EDIT: As Jason Starr mentioned, I should probably also arrange that each $X_i$ is connected (even though the OP didn't explicitly specify this!). This will be true if $X_0$ is a $G$-Galois branched cover of $E$ where $G$ is a finite perfect group.
Specifically, to see why this suffices, let $G$ be a finite 2-generated perfect group, ie a finite group generated by 2 elements such that $G = [G,G]$ (for example, any finite nonabelian simple group). Let $E^\circ$ denote a punctured elliptic curve (puncturing at the identity), then its etale fundamental group is isomorphic to $\widehat{F_2}$, the profinite free group on 2 generators. Let $p : \widehat{F_2}\rightarrow G$ be a surjection, which corresponds to a $G$-galois cover over $E^\circ$, which upon normalizing one obtains a ramified $G$-galois cover over $E$ which is a connected smooth projective curve of genus $>1$ (genus $>1$ because the map is ramified, ramified because $G$ is nonabelian). Take this curve to be $X_0$. I claim that the sequence $X_i := X_{i-1}\times_E E$, where the base change is via the map
$$[n^i] : E\rightarrow E$$
is a sequence which gives a counterexample to your questions. By the above discussion each $X_i\rightarrow X_{i-1}$ is a finite etale map of smooth projective curves of genus $>1$. It remains to show that each $X_i$ is connected. This is true because $G$ is generated by commutators (ie, is perfect).

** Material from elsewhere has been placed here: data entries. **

Lemma sum_sqrtM_le N (p q : 'I_N -> R) (a b : R) :
  (forall k, 0 <= p k) -> (forall k, 0 <= q k) -> 0 <= a -> 0 <= b ->
  \sum_k p k <= a ^+ 2 -> \sum_k q k <= b ^+ 2 ->
  \sum_k Num.sqrt (p k) * Num.sqrt (q k) <= a * b.
Proof.
move=> p0 q0 a0 b0 pa qb.
have [a_eq0|a_neq0] := eqVneq a 0.
  rewrite a_eq0 expr0n /= in pa; rewrite a_eq0 mul0r big1 // => k _.
  have p_eq0 : \sum_k p k = 0 by apply/eqP; rewrite eq_le pa sumr_ge0.
  by rewrite (psumr_eq0P (fun i _ => p0 i) p_eq0) // sqrtr0 mul0r.
have [b_eq0|b_neq0] := eqVneq b 0.
  rewrite b_eq0 expr0n /= in qb; rewrite b_eq0 mulr0 big1 // => k _.
  have q_eq0 : \sum_k q k = 0 by apply/eqP; rewrite eq_le qb sumr_ge0.
  by rewrite (psumr_eq0P (fun i _ => q0 i) q_eq0) // sqrtr0 mulr0.
have a_gt0 : 0 < a by rewrite lt0r a_neq0.
have b_gt0 : 0 < b by rewrite lt0r b_neq0.
(* AM-GM with weights b/a and a/b, chosen so that the bound is attained *)
have amgm u v : u * v <= (b / a * u ^+ 2 + a / b * v ^+ 2) / 2.
  rewrite -subr_ge0; have -> : (b / a * u ^+ 2 + a / b * v ^+ 2) / 2 - u * v
                                = (b * u - a * v) ^+ 2 / (2 * a * b).
    by field; rewrite ?gt_eqF.
  by rewrite divr_ge0 ?sqr_ge0 ?mulr_ge0 ?ltW.
apply: (le_trans (ler_sum _ (fun k _ => amgm _ _))).
rewrite -mulr_suml big_split /= -!mulr_sumr.
under eq_bigr do rewrite sqr_sqrtr //.
under [X in _ + _ * X]eq_bigr do rewrite sqr_sqrtr //.
apply: le_trans (_ : (b / a * a ^+ 2 + a / b * b ^+ 2) / 2 <= _).
  by rewrite ler_pM2r // lerD // ler_wpM2l // divr_ge0.
by rewrite le_eqVlt; apply/orP; left; apply/eqP; field; rewrite ?gt_eqF.
Qed.

Lemma bilin_factor_le T U N x y (X Y : 'I_N -> nat -> R[i]) (a b : R) :
  (opnorm T <= 1%:E)%E -> bilin U x y N = \sum_k bilin T (X k) (Y k) N ->
  0 <= a -> 0 <= b ->
  \sum_k sqnorm (X k) N <= a ^+ 2 -> \sum_k sqnorm (Y k) N <= b ^+ 2 ->
  cmod (bilin U x y N) <= a * b.
Proof.
move=> T1 -> a0 b0 Xa Yb; apply: (le_trans (cmod_sum _)).
apply: le_trans (sum_sqrtM_le _ _ a0 b0 Xa Yb) => [|k|k]; last by exact: sqnorm_ge0.
- by apply: ler_sum => k _; apply: bilin_le_opnorm.
- exact: sqnorm_ge0.
Qed.

Lemma sum_ord_delta (V : zmodType) N (k : 'I_N) (F : 'I_N -> V) :
  (forall j : 'I_N, j != k :> nat -> F j = 0) -> \sum_j F j = F k.
Proof. by move=> Fk; rewrite (bigD1 k) //= big1 ?addr0 // => j; apply: Fk. Qed.

Lemma bilin_schur_row_le T N x y (b : cmat R) (B : nat -> nat -> R) L :
  (opnorm T <= 1%:E)%E -> in_unit_ball x N -> in_unit_ball y N -> 0 <= L ->
  (forall i j, cmod (b i j) <= B i j) -> mat_row_bounded B L ->
  cmod (bilin (schur b T) x y N) <= L.
Proof.
move=> T1 x1 y1 L0 bB BL; rewrite -[L]mul1r.
pose X (k : 'I_N) j := if j == nat_of_ord k then x j else 0.
pose Y (k : 'I_N) i := y i * conjc (b i k).
have Xk k : sqnorm (X k) N = cmod (x k) ^+ 2.
  rewrite /sqnorm (@sum_ord_delta _ _ k) => [|j /negbTE jk]; first by rewrite /X eqxx.
  by rewrite /X jk cmod0 expr0n.
apply: (bilin_factor_le (X := X) (Y := Y) T1) => //.
- rewrite /bilin [RHS]exchange_big; apply: eq_bigr => i _; apply: eq_bigr => k _.
  rewrite (@sum_ord_delta _ _ k) => [|j /negbTE jk]; last by rewrite /X jk mulr0.
  by rewrite /X /Y /schur eqxx rmorphM /= conjcK !mulrA.
- by under eq_bigr do rewrite Xk; rewrite expr1n.
rewrite /sqnorm exchange_big /=.
apply: (@le_trans _ _ (\sum_(i < N) cmod (y i) ^+ 2 * L ^+ 2)).
  apply: ler_sum => i _; under eq_bigr do rewrite cmodM cmodJ exprMn.
  rewrite -mulr_sumr ler_wpM2l ?exprn_ge0 ?cmod_ge0 //.
  apply: le_trans (BL i N); apply: ler_sum => k _.
  by rewrite lerXn2r ?nnegrE ?cmod_ge0 // (le_trans (cmod_ge0 _) (bB _ _)).
by rewrite -mulr_suml -[X in _ <= X]mul1r ler_wpM2r ?exprn_ge0.
Qed.

Lemma bilin_schur_col_le T N x y (c : cmat R) (C : nat -> nat -> R) M :
  (opnorm T <= 1%:E)%E -> in_unit_ball x N -> in_unit_ball y N -> 0 <= M ->
  (forall i j, cmod (c i j) <= C i j) -> mat_col_bounded C M ->
  cmod (bilin (schur c T) x y N) <= M.
Proof.
move=> T1 x1 y1 M0 cC CM.
rewrite -[schur c T]/(transpose_mx (schur (transpose_mx c) (transpose_mx T))).
rewrite bilin_transpose; apply: (bilin_schur_row_le (B := transpose_mx C)) => //.
- exact: le_trans (opnorm_transpose T) T1.
- by rewrite in_unit_ballE sqnorm_conj.
- by rewrite in_unit_ballE sqnorm_conj.
- by move=> i j; apply: cC.
Qed.
Theorem mainTheorem18 (K : fieldType) (hK : [pchar K] =i pred0)
    (n : nat) (hn : (0 < n)%N) (L : set (Wn K n)) :
  is_Lie_subalgebra L ->
  GKdim L = ((n%:R : Rdefinitions.R))%:E ->
  dimE (L20 (Ordinal hn) L) = +oo%E.
Proof.
move=> hL hGK.
have [//|/dimE_finite_dim_le [M hM]] := eqVneq (dimE (L20 (Ordinal hn) L)) +oo%E.
case: n hn L hL hGK hM => [//|n'] hn L hL hGK.
rewrite (_ : Ordinal hn = ord0); last exact: val_inj.
move=> hM; have : (GKdim L <= (n'%:R + 2^-1 : Rdefinitions.R)%:E)%E.
  by apply: ge_ereal_sup => _ [s hs <-]; apply: growth_le hL hM hs.
by rewrite hGK lee_fin mulrS addrC lerD2l invf_ge1 // -[1]/(1%:R) ler_nat.
Qed.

In more detail, the map $[n^i] : E\rightarrow E$ restricted to the preimage of $E^\circ$ gives a finite etale cover over $E^\circ$, corresponding to a subgroup $P_i\le\widehat{F_2}$ of index $n^{2i}$. Specifically
$$P_i = \text{Ker}\left(\widehat{F_2}\rightarrow(\mathbb{Z}/n^i\mathbb{Z})^2\right)$$
and is by Galois theory the fundamental group of $[n^i]^{-1}(E^\circ)$.
Hence, $P_i$ contains the commutator subgroup $[\widehat{F_2},\widehat{F_2}]\le\widehat{F_2} = \pi_1(E^\circ)$. Then, by Galois theory, the restriction of the pulled back $G$-Galois cover $X_i\rightarrow E$ to $E^\circ$ corresponds to the composition
$$P_i\hookrightarrow\widehat{F_2}\stackrel{p}{\rightarrow} G$$
which is surjective since $G$ is perfect, and $P_i$ contains $[\widehat{F_2},\widehat{F_2}]$. By the Galois correspondence, this implies that $X_i$ is connected.